● **Work instruction**: For each line below that contains the word "vadd", return that line.

______

Fixpoint EvalAbstract (p : Prog) (c : Val D) (P : list (Pred D)) : AbsVal :=
  match p with
  | Leaf s t => alpha P s [peq s (evalTerm t c)]
  | Node s f ch => alpha P s (absf f (map (fun q => EvalAbstract q c P) ch))
  end.

Definition InPsi (U : Pred D -> Prop) (k : nat) (s : Sym D) (base : AbsVal)
  (psi : AbsVal) : Prop :=
  length psi <= k + 1 /\ Forall (fun p => U p /\ psym p = s /\ aleq base [p]) psi.

Definition Enumerates (X : Type) (S : X -> Prop) (ord : list X) : Prop :=
  forall x, In x ord <-> S x.

Definition StrengthenRoot (ord : list AbsVal) (pplus : Pred D)
  (pminus : Val D -> Prop) (phi : AbsVal) : AbsVal :=
  fold_left (fun cur psi =>
     if decide (aleq cur psi /\ (forall v, gamma (phi ++ psi) v -> pminus v))
     then psi else cur) ord [pplus].

Definition RootPsi (U : Pred D -> Prop) (k : nat) (pplus : Pred D) : AbsVal -> Prop :=
  InPsi U k (psym pplus) [pplus].

Definition conjs (a b : list AbsVal) : list AbsVal :=
  map (fun '(x, y) => x ++ y) (combine a b).

Definition StrengthenChildren (ord : list (list AbsVal)) (phis varphis : list AbsVal)
  (phip : AbsVal) (f : Fn D) : list AbsVal :=
  fold_left (fun cur psis =>
     if decide (Forall2 aleq cur psis /\ aleq (absf f (conjs varphis psis)) phip)
     then psis else cur) ord phis.

Definition ChildPsiTuples (U : Pred D -> Prop) (k : nat) (ein : Val D)
  (ch : list Prog) (psis : list AbsVal) : Prop :=
  Forall2 (fun q psi => InPsi U k (rsym q) [peq (rsym q) (eval q ein)] psi) ch psis.

Definition childPhis (ein : Val D) (ch : list Prog) : list AbsVal :=
  map (fun q => [peq (rsym q) (eval q ein)]) ch.

Definition childVarphis (ein : Val D) (P : list (Pred D)) (ch : list Prog) : list AbsVal :=
  map (fun q => EvalAbstract q ein P) ch.

(** nodes are addressed by paths (lists of child indices) from the root *)
Fixpoint subtree (p : Prog) (path : list nat) : option Prog :=
  match path with
  | [] => Some p
  | i :: path' =>
      match p with
      | Leaf _ _ => None
      | Node _ _ ch => match nth_error ch i with
                       | None => None
                       | Some q => subtree q path'
                       end
      end
  end.

(** The worklist processing is unrolled top-down: the
    value I(v) of a node v is computed once, when its parent is processed,
    from I(parent) only; so the order of the worklist is irrelevant.
    [ordC pos] is the iteration order used by StrengthenChildren at the
    node at path [pos]. *)
Fixpoint walk (ein : Val D) (P : list (Pred D)) (ordC : list nat -> list (list AbsVal))
  (p : Prog) (pos : list nat) (Icur : AbsVal) (rest : list nat) : AbsVal :=
  match rest with
  | [] => Icur
  | i :: rest' =>
      match p with
      | Leaf _ _ => []
      | Node _ f ch =>
          let varphis := childVarphis ein P ch in
          let psis := StrengthenChildren (ordC pos) (childPhis ein ch) varphis Icur f in
          match nth_error ch i with
          | None => []
          | Some q => walk ein P ordC q (pos ++ [i])
                        (nth i varphis [] ++ nth i psis []) rest'
          end
      end
  end.
Definition capconj (p d : nat) (Y : {set {perm Vec p d}}) : {set {perm Vec p d}} :=
  \bigcap_(x in Y) (diagT p d :^ x)%g.

Definition l2 (p d : nat) : nat :=
  if (p == 3) || (p == 5) then d else d * Omega p.-1.

(* For an exponent vector n with every n_j dividing p - 1, let T_n be the
   group of diagonal matrices whose j-th entry is an n_j-th root of unity.
   T_n is the intersection of the conjugates of T by the permutations of V
   acting on a single coordinate j through a permutation f of F_p commuting
   with multiplication by the n_j-th roots of unity: such a conjugate contains
   diag(D) when D_j is an n_j-th root of unity, and when it is not, a suitable
   f admits no c with f (y D_j) = f y * c, which keeps diag(D) out.  Lowering
   the exponents one prime factor of p - 1 at a time, coordinate after
   coordinate, gives a strictly decreasing chain of d Omega(p - 1) such
   groups from T to 1.  The separating f exists for the exponent 2 only when
   p > 5, so for p = 3, 5 the exponents jump directly from p - 1 to 1. *)

From mathcomp Require Import all_boot all_order all_algebra all_fingroup all_field.
From mathcomp Require Import cyclic zify.
Set Implicit Arguments. Unset Strict Implicit. Unset Printing Implicit Defensive.
Import GRing.Theory.

Lemma exists_notin (T : finType) (s : seq T) : size s < #|T| -> exists y, y \notin s.
Proof.
move=> s_small; apply/existsP; rewrite -negb_forall; apply: contraL s_small.
move=> /forallP s_all; rewrite -leqNgt (leq_trans _ (card_size s)) //.
by apply/subset_leq_card/subsetP => x _; apply: s_all.
Qed.

Section SeparatingPermutations.
Variable F : finFieldType.
Local Open Scope ring_scope.

Lemma expf_card_pred (a : F) : a != 0 -> a ^+ #|F|.-1 = 1.
Proof.
move=> a0; apply: (mulIf a0); rewrite mul1r -exprSr prednK ?expf_card //.
exact: ltn_trans (finNzRing_gt1 F).
Qed.

Lemma finField_prim_root_exists m :
  (m %| #|F|.-1)%N -> exists h : F, m.-primitive_root h.
Proof.
move=> m_dvd.
have : has (#|F|.-1).-primitive_root (enum [pred x : F | x != 0]).
  apply: has_prim_root; first by rewrite -subn1 subn_gt0 finNzRing_gt1.
  - by apply/allP => x; rewrite mem_enum unity_rootE => /expf_card_pred ->.
  - exact: enum_uniq.
  - by rewrite -cardE cardC1.
case/hasP => g _ g_prim.
by exists (g ^+ (#|F|.-1 %/ m)); apply: dvdn_prim_root.
Qed.
Lemma norm3_triangle (p q : pt) : norm3 (vadd p q) <= norm3 p + norm3 q.
Proof.
  destruct p as [[x1 y1] z1], q as [[x2 y2] z2]; unfold norm3, vadd, px, py, pz; cbn [fst snd].
  set (A := x1 ^ 2 + y1 ^ 2 + z1 ^ 2); set (B := x2 ^ 2 + y2 ^ 2 + z2 ^ 2).
  set (dot := x1 * x2 + y1 * y2 + z1 * z2).
  assert (HA : 0 <= A) by (unfold A; nra).
  assert (HB : 0 <= B) by (unfold B; nra).
  assert (cauchy_schwarz : dot <= sqrt A * sqrt B).
  { rewrite <- sqrt_mult_alt by exact HA.
    apply Rle_trans with (Rabs dot); [apply Rle_abs|].
    rewrite <- (sqrt_pow2 (Rabs dot)) by apply Rabs_pos; rewrite pow2_abs.
    apply sqrt_le_1_alt.
    (* Lagrange's identity *)
    assert (A * B - dot ^ 2 = (x1 * y2 - y1 * x2) ^ 2 + (x1 * z2 - z1 * x2) ^ 2
                              + (y1 * z2 - z1 * y2) ^ 2) by (unfold A, B, dot; ring).
    pose proof (pow2_ge_0 (x1 * y2 - y1 * x2)); pose proof (pow2_ge_0 (x1 * z2 - z1 * x2));
    pose proof (pow2_ge_0 (y1 * z2 - z1 * y2)); lra. }
  pose proof (sqrt_pos A); pose proof (sqrt_pos B).
  rewrite <- (sqrt_pow2 (sqrt A + sqrt B)) by lra.
  apply sqrt_le_1_alt.
  replace ((sqrt A + sqrt B) ^ 2) with (sqrt A * sqrt A + sqrt B * sqrt B + 2 * (sqrt A * sqrt B))
    by ring.
  rewrite !sqrt_sqrt by assumption.
  unfold A, B, dot in *; nra.
Qed.

Lemma dist3_le_norm3 (p q : pt) : dist3 p q <= norm3 p + norm3 q.
Proof.
  replace (dist3 p q) with (norm3 (vadd p (vscale (-1) q))).
  - rewrite <- (Rmult_1_l (norm3 q)); rewrite <- Rabs_R1, <- Rabs_Ropp, <- norm3_scale.
    apply norm3_triangle.
  - rewrite dist3_norm3; f_equal; apply pt_ext; unfold vadd, vscale, vsub, px, py, pz; simpl; ring.
Qed.
(* Let $G$ be an $X$-generated group with Cayley graph $\Gamma_X$, let $P$ be either $\operatorname{Sub}\Gamma_X$ or $\operatorname{CSub}\Gamma_X$, and let $()^c$ be a $G$-invariant closure operator on $(P,\subseteq)$. Let $S_c=\{(\Delta,g): g\in G,\ \Delta\in P \text{ compact},\ 1,g\in V(\Delta)\}$ with operations $(\Delta,g)(\Xi,h)=((\Delta\cup g\Xi)^c,gh)$ and $(\Delta,g)^{-1}=(g^{-1}\Delta,g^{-1})$. Then $S_c$ is an $E$-unitary inverse monoid (with identity $(\{1\}^c,1)$) whose greatest group image is $G$ via $(\Delta,g)\mapsto g$, and whose natural partial order is given by $(\Delta,g)\le(\Xi,h)$ iff $g=h$ and $\Xi\subseteq\Delta$. Moreover: (1) if $P=\operatorname{CSub}\Gamma_X$, then $S_c$ is $X$-generated as an inverse monoid via $x\mapsto(\langle\overline x\rangle^c,x_G)$, and the Schützenberger graph of $(\Delta,g)$ is isomorphic (as an $X$-labeled graph) to $\Delta$; (2) if $P=\operatorname{Sub}\Gamma_X$, then $S_c$ is an $F$-inverse monoid with $(\Delta,g)^{\mathfrak m}=(\{1,g\}^c,g)$ (where $\{1,g\}$ is the subgraph with vertices $1,g$ and no edges), it is $X$-generated as an $F$-inverse monoid via $x\mapsto(\langle\overline x\rangle^c,x_G)$, and the $F$-Schützenberger graph of $(\Delta,g)$ equals $\Delta$.
   Context: $\Gamma_X$ is the Cayley graph of the $X$-generated group $G$ (vertices $G$, edge labeled $x$ from $g$ to $gx_G$ for $x\in X\cup X^{-1}$, edges paired with inverses); subgraphs are closed under endpoints and inverses; $\operatorname{Sub}\Gamma_X$ (all subgraphs) and $\operatorname{CSub}\Gamma_X$ (connected subgraphs) are ordered by inclusion; $G$ acts on the left. A closure operator $()^c$ is $G$-invariant if $(g\Delta)^c=g\Delta^c$. A subgraph is compact (for $()^c$) if it equals $F^c$ for some finite $F\in P$. $\overline x$ is the edge path from $1$ labeled $x$ and $\langle\overline x\rangle$ the subgraph it spans. For an $X$-generated inverse monoid, its Cayley graph has vertex set $S$ and an edge labeled $x$ from $s$ to $sx_S$; the Schützenberger graph of $s$ is the strongly connected component containing $s$ (vertex set the $\mathcal R$-class of $s$). An $F$-inverse monoid is an inverse monoid where each $\sigma$-class has a greatest element $s^{\mathfrak m}$, viewed in signature $(\cdot,1,{}^{-1},{}^{\mathfrak m})$. For an $X$-generated $F$-inverse monoid $S$ with greatest group image $G$, terms in $\mathbb{I}\mathfrak{m}_X$ (formal expressions $u_0v_1^{\mathfrak m}u_1\cdots v_n^{\mathfrak m}u_n$) label journeys $\overline w=(\overline{u_0},(u_0v_1)_G\overline{u_1},\dots)$ in $\Gamma_X$; a subgraph $\Delta$ is $c_S$-closed if for all $u,v$ with $u_S=v_S$ and $g,h\in V(\Delta)$, $u$ labels a journey in $\Delta$ from $g$ to $h$ iff $v$ does; and the $F$-Schützenberger graph of $s=w_S$ is $\langle\overline w\rangle^{c_S}$, the smallest $c_S$-closed subgraph containing the graph spanned by the journey $\overline w$ (independent of the choice of $w$). *)

From Stdlib Require Import List Bool.
Set Implicit Arguments.
Unset Strict Implicit.
Lemma decomposition_unique (A : V -> Prop) (s t : seq G) (f u : G -> V) :
  direct_sum_on A C -> List.NoDup s -> List.NoDup t ->
  (forall g, List.In g s -> C g (f g)) -> (forall g, List.In g t -> C g (u g)) ->
  \sum_(g <- s) f g = \sum_(g <- t) u g ->
  forall g, List.In g s -> f g = 0 \/ (List.In g t /\ f g = u g).
Proof.
move=> [_ Dindep] /NoDup_uniq us /NoDup_uniq ut Cf Cu E g gs.
pose w := undup ((s : seq {classic G}) ++ (t : seq {classic G})).
have uw : uniq w by apply: undup_uniq.
pose h k := ext s f k - ext t u k.
have Ch k : List.In k w -> C k (h k).
  by move=> _; case: (HC k) => _; apply; apply: ext_homog.
have Sh : \sum_(g <- w) h g = 0.
  rewrite sumrB !sum_ext // ?E ?subrr // => x xs;
  by rewrite mem_undup mem_cat xs ?orbT.
have gw : List.In g w by apply/In_mem; rewrite mem_undup mem_cat (proj1 (In_mem _ _) gs).
move/eqP: (Dindep w h (proj2 (NoDup_uniq w) uw) Ch Sh g gw).
rewrite /h /ext (proj1 (In_mem _ _) gs) subr_eq0; case: ifP => [/In_mem gt|_] /eqP ->.
  by right.
by left.
Qed.

End Decompositions.

Section GradedSubmodules.
Variables (G : Type) (op : G -> G -> G) (R : comPzRingType) (Rg : G -> R -> Prop).
Variables (M : lmodType R) (Mg : G -> M -> Prop).
Hypothesis HR : graded_ring op Rg.
Hypothesis HM : graded_module op Rg Mg.

Lemma graded_submoduleP (A : M -> Prop) :
  submodule A -> (forall x, A x -> homog_sum Mg A x) -> graded_submodule Mg A.
Proof.
case: HM => HMs [[_ DMindep] _] HA Hsum; split => //; split.
  move=> x; split; first by move=> /Hsum; case: HA => A0 [AD _]; apply: collect_degrees.
  case: HA => A0 [AD _] [s [f [_ [Hf ->]]]].
  by apply: sum_closed => // g /Hf [].
by move=> s f ns Hf; apply: DMindep => // g /Hf [].
Qed.

Lemma graded_component (U : M -> Prop) (s : seq G) (f : G -> M) :
  graded_submodule Mg U -> List.NoDup s -> (forall g, List.In g s -> Mg g (f g)) ->
  U (\sum_(g <- s) f g) -> forall g, List.In g s -> U (f g).
Proof.
case: HM => HMs [DM _] [[U0 _] [DU _]] ns Hf /(proj1 (DU _)) [t [u [nt [Hu Eu]]]] g gs.
have [->|[gt ->]] := decomposition_unique HMs DM ns nt Hf (fun g gt => proj2 (Hu g gt)) Eu gs.
  exact: U0.
by case: (Hu g gt).
Qed.

Lemma homog_sum_seq (P : M -> Prop) (s : seq G) (f : G -> M) :
  (forall g, List.In g s -> P (f g) /\ Mg g (f g)) -> homog_sum Mg P (\sum_(g <- s) f g).
Proof.
move=> Hf; exists (map (fun g => (g, f g)) s); split; last by rewrite big_map.
by move=> p /List.in_map_iff [g [<- /Hf]].
Qed.

Lemma cyclic_graded (h : G) (m : M) : Mg h m -> graded_submodule Mg (cyclic m).
Proof.
case: HR => _ [[DR _] _]; case: HM => _ [_ HMm] Hm.
apply: graded_submoduleP; first exact: cyclic_submodule.
move=> _ [r ->]; have [s [f [_ [Hf ->]]]] := proj1 (DR r) I.
exists (map (fun g => (op g h, f g *: m)) s); split; last by rewrite big_map scaler_suml.
move=> p /List.in_map_iff [g [<- /Hf Rf]]; split; first by exists (f g).
exact: HMm.
Qed.

Lemma sum_set_graded (A B : M -> Prop) :
  graded_submodule Mg A -> graded_submodule Mg B -> graded_submodule Mg (sum_set A B).
Proof.
move=> [[A0 [AD AZ]] [DA _]] [[B0 [BD BZ]] [DB _]].
apply: graded_submoduleP.
  split; first by exists 0, 0; rewrite addr0.
  split.
    move=> x y [a1 [b1 [Ha1 [Hb1 ->]]]] [a2 [b2 [Ha2 [Hb2 ->]]]].
    by exists (a1 + a2), (b1 + b2); rewrite addrACA; do !split; [apply: AD|apply: BD].
  move=> r x [a [b [Ha [Hb ->]]]].
  by exists (r *: a), (r *: b); rewrite scalerDr; do !split; [apply: AZ|apply: BZ].
move=> _ [a [b [Ha [Hb ->]]]].
have [s [f [_ [Hf ->]]]] := proj1 (DA a) Ha; have [t [u [_ [Hu ->]]]] := proj1 (DB b) Hb.
have [sa [Hsa ->]] : homog_sum Mg (sum_set A B) (\sum_(g <- s) f g).
  apply: homog_sum_seq => g /Hf [Af Mf]; split => //.
  by exists (f g), 0; rewrite addr0.
have [sb [Hsb ->]] : homog_sum Mg (sum_set A B) (\sum_(g <- t) u g).
  apply: homog_sum_seq => g /Hu [Bu Mu]; split => //.
  by exists 0, (u g); rewrite add0r.
exists (sa ++ sb); split; last by rewrite big_cat.
by move=> p Hp; case: (List.in_app_or _ _ _ Hp) => [/Hsa|/Hsb].
Qed.

(* For a graded submodule U, the colon ideal (U :_R M) is graded: the
   components r_g of r satisfy r_g m \in U for homogeneous m, as the r_g m
   are the components of r m \in U (right translation in G is injective). *)
Lemma colon_graded (e : G) (inv : G -> G) (U : M -> Prop) :
  is_group op e inv -> graded_submodule Mg U -> graded_submodule (M := R^o) Rg (colon U).
Proof.
move=> [Gassoc [Gid Ginv]] HU.
have [[DR1 DR2] HRm] := proj2 HR; case: HM => _ [[DM1 _] HMm].
have [[U0 [UD _]] _] := HU.
have Hsub : submodule (M := R^o) (colon U) by apply/ideal_submodule/colon_ideal; case: HU.
split => //; split; last by move=> s f ns Hf; apply: DR2 => // g /Hf [].
move=> x; split; last first.
  case=> s [f [_ [Hf ->]]]; case: Hsub => K0 [KD _].
  by apply: sum_closed => // g /Hf [].
move=> Kx; have [s [f [ns [Hf Ex]]]] := proj1 (DR1 x) I.
exists s, f; split => //; split => // g gs; split; last exact: Hf.
move=> m; have [t [mm [_ [Hmm ->]]]] := proj1 (DM1 m) I.
rewrite scaler_sumr; apply: sum_closed => // h /Hmm Mh _.
pose shift g := op g h.
have shift_inj : FinFun.Injective shift.
  move=> g1 g2 E; have := f_equal (fun k => op k (inv h)) E.
  rewrite /shift -!Gassoc; case: (Ginv h) => _ ->.
  by case: (Gid g1) => _ ->; case: (Gid g2) => _ ->.
pose fm k := f (op k (inv h)) *: mm h.
have fm_shift g' : fm (shift g') = f g' *: mm h.
  by rewrite /fm /shift -Gassoc; case: (Ginv h) => _ ->; case: (Gid g') => _ ->.
have := graded_component (s := map shift s) (f := fm) HU.
rewrite -fm_shift; apply.
- exact: FinFun.Injective_map_NoDup.
- by move=> k /List.in_map_iff [g' [<- /Hf Rf]]; rewrite fm_shift; apply: HMm.
- by rewrite big_map (eq_bigr _ (fun g' _ => fm_shift g')) -scaler_suml -Ex; apply: Kx.
- exact: List.in_map.
Qed.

______

● **Response box**:
Lemma norm3_triangle (p q : pt) : norm3 (vadd p q) <= norm3 p + norm3 q.
  destruct p as [[x1 y1] z1], q as [[x2 y2] z2]; unfold norm3, vadd, px, py, pz; cbn [fst snd].
  replace (dist3 p q) with (norm3 (vadd p (vscale (-1) q))).
  - rewrite dist3_norm3; f_equal; apply pt_ext; unfold vadd, vscale, vsub, px, py, pz; simpl; ring.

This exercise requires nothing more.